2. **Establish Agent Origin Sets (AOS):** Define a "least privilege" list of domains an agent is permitted to access for specific tasks.
3. **Define Read/Write Permissions:** Categorize allowed domains into "Read-Only" vs. "Read-Write" to prevent an agent from inadvertently submitting forms or deleting data on sensitive sites.
### Long-term Strategy (3+ months)
1. **Continuous Red-Teaming:** Deploy persistent, automated "red-team bots" designed to mimic attackers and attempt to derail agentic logic in a sandbox environment.
2. **Architectural Site Isolation:** Ensure the agentic framework maintains strict origin boundaries so that a compromise in "Site A" cannot programmatically move to "Site B" without a new gating evaluation.
## Implementation Guidance
### For Small Organizations
- **Focus on User Controls:** Rely on built-in browser protections and train staff to never "auto-approve" AI requests for sensitive site access.
- **Limit Agent Scope:** Use agentic features only for information gathering (Read-Only) rather than automated task execution.
### For Medium Organizations
- **Policy Configuration:** Use Enterprise Browser policies to whitelist specific "Agent Origin Sets" for corporate tasks.
- **Gating Functions:** Implement a manual review step for any AI action that involves transferring data between internal and external domains.
### For Large Enterprises
- **Custom Critic Models:** Develop a proprietary "User Alignment Critic" that understands company-specific workflows to flag business-logic deviations.

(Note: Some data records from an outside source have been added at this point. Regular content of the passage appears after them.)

Lemma rot_period_dvd_T t : t \in T -> h %| (c + t) %/ gcdn c t.
Proof.
by move=> tT; apply: foldr_gcdn_dvd; rewrite mem_cat (map_f (fun x => (c + x) %/ gcdn c x)) ?orbT.
Qed.

Lemma partn_rot_period_S s : s \in S -> s`_\pi(h) = c`_\pi(h).
Proof.
move=> sS; rewrite (partn_eq_of_dvdn (S_gt0 sS) tau_gt0 (rot_period_dvd_S sS)).
by rewrite -(partn_eq_of_dvdn c_gt0 tau_gt0 (rot_period_dvd_S c_in_S)).
Qed.

Lemma rot_period_part_dvd s t : s \in S -> t \in T -> h * c`_\pi(h) %| s + t.
Proof.
have hK_S x : x \in S -> h * c`_\pi(h) %| x + tau.
  by move=> xS; rewrite -(partn_rot_period_S xS) dvdn_mul_partn ?S_gt0 ?rot_period_dvd_S.
have hK_T y : y \in T -> h * c`_\pi(h) %| c + y.
  by move=> yT; rewrite dvdn_mul_partn ?rot_period_dvd_T.
move=> sS tT; rewrite -(dvdn_addr _ (hK_S c c_in_S)).
rewrite (_ : c + tau + (s + t) = s + tau + (c + t)); last by ring.
exact: dvdn_add (hK_S s sS) (hK_T t tT).
Qed.

Lemma rot_period_gt0 : 0 < h.
Proof.
apply: dvdn_gt0 (rot_period_dvd_S c_in_S); rewrite divn_gt0 ?gcdn_gt0 ?c_gt0 //.
exact: leq_trans (dvdn_leq c_gt0 (dvdn_gcdl c tau)) (leq_addr tau c).
Qed.

Lemma dvdn_rot_period m : d %| m * c -> h %| m.
Proof.
move=> d_mc; set K := c`_\pi(h).
have hK_d : h * K %| d.
  rewrite dvdn_foldr_gcdn dvdn0; apply/allP => _ /allpairsP[[s t] [/= sS tT ->]].
  exact: rot_period_part_dvd.
have : h * K %| m * c`_\pi(h)^' * K.
  by rewrite -mulnA (mulnC (c`_\pi(h)^') K) /K partnC //; apply: dvdn_trans d_mc.
rewrite dvdn_pmul2r ?part_gt0 // Gauss_dvdl //.
exact: pnat_coprime (pnat_pi rot_period_gt0) (part_pnat _ _).
Qed.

- **Automated Scanning:** Integrate the agentic browser logs into a Security Operations Center (SOC) to monitor for mass exfiltration attempts via AI-driven browsing.
## Configuration Examples
### Agent Origin Set (Logic Structure)
json
{
"Task": "Travel Booking",
"Allowed_Read_Write": ["company-travel-portal.com", "approved-airline.com"],
"Allowed_Read_Only": ["google.com/maps", "weather.com"],
"Gating_Criteria": "Action must align with 'Book flight' intent"
}
### Critic Model Metadata Filter
*To prevent the Critic from being injected, it should only see metadata:*
- **Input to Critic:** `Action: POST /transfer; Destination: Unknown_Site; User_Goal: View_News`
- **Logic:** `Goal (View_News) != Action (Transfer) -> REJECT`
## Compliance Alignment
- **NIST AI RMF:** Aligns with the "Govern" and "Protect" functions by managing risks of third-party content influence.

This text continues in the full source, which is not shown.